Our client is a specialized provider of medical billing, coding, and business analytics services for healthcare providers throughout the United States. Their Quality Management System (QMS) encompasses a substantial volume of recorded call audios that necessitate auditing for diverse purposes.
The manual process of reviewing these recordings is both inefficient and time-consuming, underscoring the imperative for substantial automation.
Objectives
Build and integrate an audio transcription service with Privacy, Security, Speed & Diarization
In collaboration with our customers, we began defining the project objectives, ensuring clear end goals and success criteria while considering their domain regulations, budget constraints, and business plans
Privacy and Security of Audio Data
Ensuring the privacy and security of audio data is critical given the client’s operation in the healthcare sector.
Preventing data from leaving their private network was also critical.
Integration of Audio Transcription with Existing QMS
The auditing process is conducted through their in-house Quality Management System.
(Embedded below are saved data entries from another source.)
(* Let $\mathbf C$ be an $r$-regular category, $f:Y\to X$ an arrow and $Z$ an object, and consider the pullback square formed by $f\times 1_Z:Y\times Z\to X\times Z$, $\pi_Y:Y\times Z\to Y$, $\pi_X:X\times Z\to X$ and $f$. Let $S\in\mathsf{Sub}_r(X\times Z)$ and let $B_1,\dots,B_n\in\mathsf{Sub}_r(X)$ satisfy: (a) $\pi_X^{-1}(B_i)\le S$ for all $i$, and (b) for every $D\in\mathsf{Sub}_r(X)$ with $\pi_X^{-1}(D)\le S$ there is $i$ with $D\le B_i$. Then $f^{-1}(B_1),\dots,f^{-1}(B_n)\in\mathsf{Sub}_r(Y)$ satisfy the same properties with respect to $(f\times 1)^{-1}(S)$: (a') $\pi_Y^{-1}(f^{-1}(B_i))\le(f\times 1)^{-1}(S)$ for all $i$, and (b') for every $D\in\mathsf{Sub}_r(Y)$ with $\pi_Y^{-1}(D)\le(f\times1)^{-1}(S)$ there is $i$ with $D\le f^{-1}(B_i)$.
   Context: A category is $r$-regular if it has all finite limits, epimorphisms are stable under pullback, and every arrow factors as an epimorphism followed by a regular monomorphism. $\mathsf{Sub}_r(X)$ is the poset of regular subobjects of $X$ and, for an arrow $g:Y\to X$, $g^{-1}:\mathsf{Sub}_r(X)\to\mathsf{Sub}_r(Y)$ is pullback along $g$; $\pi_X$, $\pi_Y$ are product projections. *)

From Stdlib Require Import ClassicalEpsilon.

Set Implicit Arguments.

Record cat := Cat {
  ob :> Type;
  hom : ob -> ob -> Type;
  idc : forall A, hom A A;
  comp : forall A B C, hom B C -> hom A B -> hom A C;
  comp_id_l : forall A B (f : hom A B), comp (idc B) f = f;
  comp_id_r : forall A B (f : hom A B), comp f (idc A) = f;
  comp_assoc : forall A B C D (h : hom C D) (g : hom B C) (f : hom A B),
      comp h (comp g f) = comp (comp h g) f
}.

Arguments hom {c} _ _.
Arguments idc {c} _.
Arguments comp {c A B C} _ _.
Notation "g \o f" := (comp g f) (at level 40, left associativity).

Section Notions.
Variable C : cat.

Definition is_terminal (T : C) : Prop :=
  forall A : C, exists! t : hom A T, True.

Definition is_pullback {A B D : C} (f : hom A D) (g : hom B D)
  (P : C) (p1 : hom P A) (p2 : hom P B) : Prop :=
  f \o p1 = g \o p2 /\
  forall (W : C) (h1 : hom W A) (h2 : hom W B), f \o h1 = g \o h2 ->
    exists! k : hom W P, p1 \o k = h1 /\ p2 \o k = h2.

Definition is_product (X Z P : C) (p1 : hom P X) (p2 : hom P Z) : Prop :=
  forall (W : C) (h1 : hom W X) (h2 : hom W Z),
    exists! k : hom W P, p1 \o k = h1 /\ p2 \o k = h2.

Definition has_pullbacks : Prop :=
  forall (A B D : C) (f : hom A D) (g : hom B D),
    exists (P : C) (p1 : hom P A) (p2 : hom P B), is_pullback f g P p1 p2.

Definition has_finite_limits : Prop :=
  (exists T : C, is_terminal T) /\ has_pullbacks.

Definition epi {A B : C} (e : hom A B) : Prop :=
  forall (D : C) (u v : hom B D), u \o e = v \o e -> u = v.

Definition mono {A B : C} (m : hom A B) : Prop :=
  forall (W : C) (u v : hom W A), m \o u = m \o v -> u = v.

Definition regular_mono {A X : C} (m : hom A X) : Prop :=
  exists (Q : C) (u v : hom X Q),
    u \o m = v \o m /\
    forall (W : C) (h : hom W X), u \o h = v \o h ->
      exists! k : hom W A, m \o k = h.

Definition epi_pullback_stable : Prop :=
  forall (A B D : C) (f : hom A D) (g : hom B D) (P : C)
    (p1 : hom P A) (p2 : hom P B),
    is_pullback f g P p1 p2 -> epi f -> epi p2.

Definition epi_regmono_factorization : Prop :=
  forall (A B : C) (f : hom A B), exists (M : C) (e : hom A M) (m : hom M B),
    epi e /\ regular_mono m /\ f = m \o e.

Record r_regular : Prop := {
  rr_limits : has_finite_limits;
  rr_epi_stable : epi_pullback_stable;
  rr_factor : epi_regmono_factorization
}.

(** (Representatives of) subobjects: an object with an arrow into X.
    Membership in Sub_r(X) is expressed by [regular_mono (arr m)]. *)
Record sub (X : C) := Sub { sdom : C; arr : hom sdom X }.

Definition sub_le {X : C} (m n : sub X) : Prop :=
  exists h : hom (sdom m) (sdom n), arr n \o h = arr m.

Lemma pullback_sig (hp : has_pullbacks) {A B D : C} (f : hom A D) (g : hom B D) :
  exists t : {P : C & (hom P A * hom P B)%type},
    is_pullback f g (projT1 t) (fst (projT2 t)) (snd (projT2 t)).
Proof.
  destruct (hp A B D f g) as (P & p1 & p2 & H).
  exists (existT _ P (p1, p2)); exact H.
Qed.

Definition preim (hp : has_pullbacks) {X Y : C} (g : hom Y X) (m : sub X) : sub Y :=
  let t := proj1_sig (constructive_indefinite_description _
             (pullback_sig hp (arr m) g)) in
  @Sub Y (projT1 t) (snd (projT2 t)).

Lemma preim_pullback (hp : has_pullbacks) {X Y : C} (g : hom Y X) (m : sub X) :
  exists p1 : hom (sdom (preim hp g m)) (sdom m),
    is_pullback (arr m) g (sdom (preim hp g m)) p1 (arr (preim hp g m)).
Proof.
  unfold preim.
  destruct (constructive_indefinite_description _ (pullback_sig hp (arr m) g))
    as [t Ht]; simpl.
  exists (fst (projT2 t)); exact Ht.
Qed.

End Notions.

Arguments sub {C} X.
Arguments Sub {C X} sdom arr.
Arguments sdom {C X} _.
Arguments arr {C X} _.
Arguments is_product {C X Z P} _ _.
Arguments is_pullback {C A B D} _ _ _ _ _.
Arguments regular_mono {C A X} _.
Arguments epi {C A B} _.
Arguments sub_le {C X} _ _.
Arguments preim {C} _ {X Y} _ _.

Definition rr_pullbacks {C : cat} (hC : r_regular C) : has_pullbacks C :=
  proj2 (rr_limits hC).

(** Pulling back along [f] is monotone and commutes with composition, which
    gives (a'). For (b'), factor [f \o D] as an epi [e] followed by a regular
    mono [M]. Pulling [e] back to [pi_X^{-1}(M)] gives an epi onto
    [pi_X^{-1}(M)] whose composite into [X * Z] factors through
    [(f * 1)^{-1}(S)], hence through [S]; since epis lift against regular
    monos, [pi_X^{-1}(M) <= S]. So [M <= B_i] for some [i], and then
    [D <= f^{-1}(B_i)]. *)

Section Subobjects.
Variable C : cat.

Lemma sub_le_trans {X : C} (m n p : sub X) :
  sub_le m n -> sub_le n p -> sub_le m p.
Proof.
  intros [h Hh] [k Hk]. exists (k \o h).
  rewrite comp_assoc, Hk. exact Hh.
Qed.

Lemma pullback_regular_mono {A B D : C} {m : hom A D} {g : hom B D} {P : C}
  {p1 : hom P A} {p2 : hom P B} :
  is_pullback m g P p1 p2 -> regular_mono m -> regular_mono p2.
Proof.
  intros [Hpe Hpu] (Q & u & v & Huv & Heq).
  exists Q, (u \o g), (v \o g). split.
  - rewrite <- !comp_assoc, <- Hpe, !comp_assoc, Huv. reflexivity.
  - intros W h Hh. rewrite <- !comp_assoc in Hh.
    destruct (Heq W (g \o h) Hh) as [k [Hk Hku]].
    destruct (Hpu W k h Hk) as [k' [[_ H2] Hu']].
    exists k'. split; [exact H2|]. intros k'' Hk''. apply Hu'. split; auto.
    symmetry; apply Hku. rewrite comp_assoc, Hpe, <- comp_assoc, Hk''.
    reflexivity.
Qed.

Lemma epi_regular_mono_lift {A E X M : C} (e : hom A E) (m : hom M X)
  (a : hom E X) (t : hom A M) :
  epi e -> regular_mono m -> a \o e = m \o t ->
  exists w : hom E M, m \o w = a.
Proof.
  intros He (Q & u & v & Huv & Heq) Hat.
  assert (Hua : u \o a = v \o a).
  { apply He. rewrite <- !comp_assoc, Hat, !comp_assoc, Huv. reflexivity. }
  destruct (Heq E a Hua) as [w [Hw _]]. exists w. exact Hw.
Qed.

Lemma is_product_ext {X Z P : C} {pX : hom P X} {pZ : hom P Z} :
  is_product pX pZ ->
  forall (W : C) (a b : hom W P), pX \o a = pX \o b -> pZ \o a = pZ \o b ->
  a = b.
Proof.
  intros hP W a b HX HZ.
  destruct (hP W (pX \o b) (pZ \o b)) as [k [_ Hk]].
  transitivity k; [symmetry|]; apply Hk; split; auto.
Qed.

Variable hp : has_pullbacks C.

Lemma sub_le_preim {X Y : C} (g : hom Y X) (m : sub X) (n : sub Y) :
  sub_le n (preim hp g m) <->
  exists t : hom (sdom n) (sdom m), arr m \o t = g \o arr n.
Proof.
  destruct (preim_pullback hp g m) as [p1 [Hpe Hpu]]. split.
  - intros [h Hh]. exists (p1 \o h).
    rewrite comp_assoc, Hpe, <- comp_assoc, Hh. reflexivity.
  - intros [t Ht]. destruct (Hpu _ t (arr n) Ht) as [k [[_ Hk] _]].
    exists k. exact Hk.
Qed.

Lemma preim_regular_mono {X Y : C} (g : hom Y X) (m : sub X) :
  regular_mono (arr m) -> regular_mono (arr (preim hp g m)).
Proof.
  destruct (preim_pullback hp g m) as [p1 Hp].
  exact (pullback_regular_mono Hp).
Qed.

Lemma preim_mono {X Y : C} (g : hom Y X) (m m' : sub X) :
  sub_le m m' -> sub_le (preim hp g m) (preim hp g m').
Proof.
  intros [h Hh]. apply sub_le_preim.
  destruct (preim_pullback hp g m) as [p1 [Hpe _]].
  exists (h \o p1). rewrite comp_assoc, Hh. exact Hpe.
Qed.

Lemma preim_preim_le_preim_comp {X Y W : C} (g : hom Y X) (h : hom W Y)
  (m : sub X) :
  sub_le (preim hp h (preim hp g m)) (preim hp (g \o h) m).
Proof.
  apply sub_le_preim.
  destruct (preim_pullback hp g m) as [p1 [Hpe _]].
  destruct (preim_pullback hp h (preim hp g m)) as [q1 [Hqe _]].
  exists (p1 \o q1).
  rewrite comp_assoc, Hpe, <- comp_assoc, Hqe, comp_assoc. reflexivity.
Qed.

Lemma preim_comp_le_preim_preim {X Y W : C} (g : hom Y X) (h : hom W Y)
  (m : sub X) :
  sub_le (preim hp (g \o h) m) (preim hp h (preim hp g m)).
Proof.
  set (q := arr (preim hp (g \o h) m)).
  destruct (preim_pullback hp (g \o h) m) as [p1 [Hpe _]].
  assert (Hq : sub_le (Sub _ (h \o q)) (preim hp g m)).
  { apply sub_le_preim. exists p1. rewrite <- comp_assoc in Hpe. exact Hpe. }
  apply sub_le_preim. exact Hq.
Qed.

End Subobjects.

Arguments sub_le_trans {C X m n p}.
Arguments epi_regular_mono_lift {C A E X M e m a t}.
Arguments is_product_ext {C X Z P pX pZ}.
Arguments sub_le_preim {C} hp {X Y} g m n.
Arguments preim_regular_mono {C} hp {X Y} g m.
Arguments preim_mono {C} hp {X Y} g {m m'}.

Section ProductSquare.
Variables (C : cat) (hC : r_regular C) (X Y Z : C) (f : hom Y X).
Variables (XZ : C) (pX : hom XZ X) (pZ : hom XZ Z) (hXZ : is_product pX pZ).
Variables (YZ : C) (pY : hom YZ Y) (pZ' : hom YZ Z) (hYZ : is_product pY pZ').
Variables (f1 : hom YZ XZ) (hf1X : pX \o f1 = f \o pY) (hf1Z : pZ \o f1 = pZ').

Local Notation hp := (rr_pullbacks hC).

Lemma preim_proj_preim_le (B : sub X) :
  sub_le (preim hp pY (preim hp f B)) (preim hp f1 (preim hp pX B)).
Proof.
  eapply sub_le_trans; [apply preim_preim_le_preim_comp|].
  rewrite <- hf1X. apply preim_comp_le_preim_preim.
Qed.

Lemma preim_proj_image_le (S : sub XZ) (hS : regular_mono (arr S))
  (D : sub Y) (M : C) (e : hom (sdom D) M) (m : hom M X) :
  epi e -> f \o arr D = m \o e ->
  sub_le (preim hp pY D) (preim hp f1 S) -> sub_le (preim hp pX (Sub M m)) S.
Proof.
  intros He Hfd HDS.
  set (P := preim hp pX (Sub M m)).
  destruct (preim_pullback hp pX (Sub M m)) as [p1 [Hpe _]].
  change (m \o p1 = pX \o arr P) in Hpe.
  destruct (hp _ _ _ e p1) as (Q & q1 & q2 & Hq).
  pose proof (rr_epi_stable hC Hq He) as Hq2.
  destruct Hq as [Hqe _].
  destruct (hYZ Q (arr D \o q1) (pZ \o (arr P \o q2))) as [g [[Hg1 Hg2] _]].
  assert (Hf1g : f1 \o g = arr P \o q2).
  { apply (is_product_ext hXZ).
    - rewrite comp_assoc, hf1X, <- comp_assoc, Hg1, comp_assoc, Hfd,
        <- comp_assoc, Hqe, comp_assoc, Hpe, comp_assoc. reflexivity.
    - rewrite comp_assoc, hf1Z. exact Hg2. }
  assert (HgS : sub_le (Sub Q g) (preim hp f1 S)).
  { eapply sub_le_trans; [|exact HDS]. apply sub_le_preim.
    exists q1. symmetry. exact Hg1. }
  destruct (proj1 (sub_le_preim _ _ _ _) HgS) as [t Ht]; simpl in Ht.
  rewrite Hf1g in Ht.
  destruct (epi_regular_mono_lift Hq2 hS (eq_sym Ht)) as [w Hw].
  exists w. exact Hw.
Qed.

End ProductSquare.

Arguments preim_proj_preim_le {C} hC {X Y f XZ pX YZ pY f1}.
Arguments preim_proj_image_le {C} hC {X Y Z f XZ pX pZ} hXZ {YZ pY pZ'} hYZ
  {f1} hf1X hf1Z {S} hS {D M e m}.

Theorem mainTheorem7 (C : cat) (hC : r_regular C)
  (X Y Z : C) (f : hom Y X)
  (XZ : C) (pX : hom XZ X) (pZ : hom XZ Z) (hXZ : is_product pX pZ)
  (YZ : C) (pY : hom YZ Y) (pZ' : hom YZ Z) (hYZ : is_product pY pZ')
  (f1 : hom YZ XZ) (hf1X : pX \o f1 = f \o pY) (hf1Z : pZ \o f1 = pZ')
  (S : sub XZ) (hS : regular_mono (arr S))
  (n : nat) (B : nat -> sub X)
  (hB : forall i, i < n -> regular_mono (arr (B i)))
  (ha : forall i, i < n -> sub_le (preim (rr_pullbacks hC) pX (B i)) S)
  (hb : forall D : sub X, regular_mono (arr D) ->
        sub_le (preim (rr_pullbacks hC) pX D) S ->
        exists i, i < n /\ sub_le D (B i)) :
  (forall i, i < n -> regular_mono (arr (preim (rr_pullbacks hC) f (B i)))) /\
  (forall i, i < n ->
     sub_le (preim (rr_pullbacks hC) pY (preim (rr_pullbacks hC) f (B i)))
            (preim (rr_pullbacks hC) f1 S)) /\
  (forall D : sub Y, regular_mono (arr D) ->
     sub_le (preim (rr_pullbacks hC) pY D) (preim (rr_pullbacks hC) f1 S) ->
     exists i, i < n /\ sub_le D (preim (rr_pullbacks hC) f (B i))).
Proof.
  split; [|split].
  - intros i Hi. exact (preim_regular_mono _ f (B i) (hB i Hi)).
  - intros i Hi. eapply sub_le_trans.
    + exact (preim_proj_preim_le hC hf1X (B i)).
    + exact (preim_mono _ f1 (ha i Hi)).
  - intros D _ HDS.
    destruct (rr_factor hC _ _ (f \o arr D)) as (M & e & m & He & Hm & Hfd).
    pose proof (preim_proj_image_le hC hXZ hYZ hf1X hf1Z hS He Hfd HDS) as HMS.
    destruct (hb (Sub M m) Hm HMS) as (i & Hi & t & Ht).
    exists i. split; [exact Hi|].
    apply sub_le_preim. exists (t \o e).
    rewrite comp_assoc, Ht. symmetry. exact Hfd.
Qed.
Ensuring that the audio is transcribed and integrated with their QMS was essential.
Transcripts were initially saved and periodically deleted to optimize storage usage and system performance.
Speaker diarization
Incorporating diarization (identifying who spoke at specific times) into the final transcription results was important for quality checks as differentiating between speakers' voices improves the efficiency of auditing process.
Rapid Audio Transcription Results
The end user required transcription results as quickly as possible.
The system filters and transcribes audio data hourly, promptly saving the results
Challenges
Thousands of hours of audio content, Fault tolerance & Multi cloud infrastructure
Volume of audio content
Since we were dealing with thousands of hours of audio recordings, building a system that can scale quickly and process audio cost effectively was critical
Fault tolerance and Recovery
When a transcribing fails for any reason, ability to automatically identify, retry and recover from the failures was very important for smooth functioning of the transcription service
Multi cloud strategy infrastructure
The client was using multi cloud strategy (Azure and AWS) and this complicated the whole design as the audio files and the quality management system were with different cloud providers
Maintaining robust security measures throughout the transcription process was also crucial.
Approach
Explore, Evaluate & Verify
Large Language Model
Considering the constraints and requirements gathered from our clients, we are inclined towards an LLM-powered solution for audio transcription due to the advanced capabilities and rapid development of large language models in this domain. We have begun exploring various options that can deliver the accuracy and speed necessary to meet the demands of this project
Some of the top contenders we explored
Wav2Vec 2.0 by Meta
Whisper by OpenAI
DeepSpeech by Mozilla
Kaldi by Johns Hopkins University
System Architecture
We also started exploring different architectures that can seamlessly scale to sudden demand outbursts and keeping the cost to minimum
Seamless integration to existing systems
Since the audio transcription service needs to read from existing storage system and the results should be available in the current quality management systems, We started analysing their existing system architecture and built POC validations to identify the potential problems
Solution
OpenAI Whisper & Azure Batch Transcription Service
Among all the Audio Speech Recognition (ASR) models we evaluated, we found that OpenAI's Whisper model provides exceptional performance in audio transcription with speech diarization.
Deploying the Whisper model required a dedicated GPU/CPU instance, which incurs significant costs. Considering the client's preference for a pay-as-you-go model, we chose to use Azure Batch Transcription, which supports the Whisper model.
Azure Batch Transcription
We utilized Azure Batch Transcription for its robust features, including:
Customization Options: Tailoring the process to our needs with features like diarization and selecting the Whisper model for US English.
Bring Your Own Storage (BYOS): Keeping audio data in our existing storage infrastructure (AWS S3) while using Azure for transcription, enhancing data security.
Serverless Architecture
We built an efficient workflow using serverless technologies:
Data Transfer: Recordings are filtered and copied from an S3 bucket to an Azure storage container for transcription every hour.
Batch Processing: A batch transcription job is triggered using the list of recording URLs copied to the Azure storage container.
Result Storage: Results are stored back in an S3 bucket, and metadata is saved in the QMS Application DB for future reference.
Orchestration: All logic is written in Python and deployed on AWS Lambda. The entire workflow is orchestrated by AWS Step Functions.
Conclusion
A scalable and fault-tolerant audio transcription service that reduced auditing effort by over 50%
The system we built and deployed is transcribing numerous recordings concurrently and dramatically reducing the audit time compared to pervious manual methods.
This efficiency allowed our clients to complete audits and extract valuable insights from the audio data much faster.
With the advanced transcription system in place, we've reduced auditing time by an impressive 50%, significantly enhancing the efficiency of revenue life cycle management. The integration of this technology not only streamlines operations but also frees up valuable resources, enabling our clients to focus on strategic initiatives and drive further growth.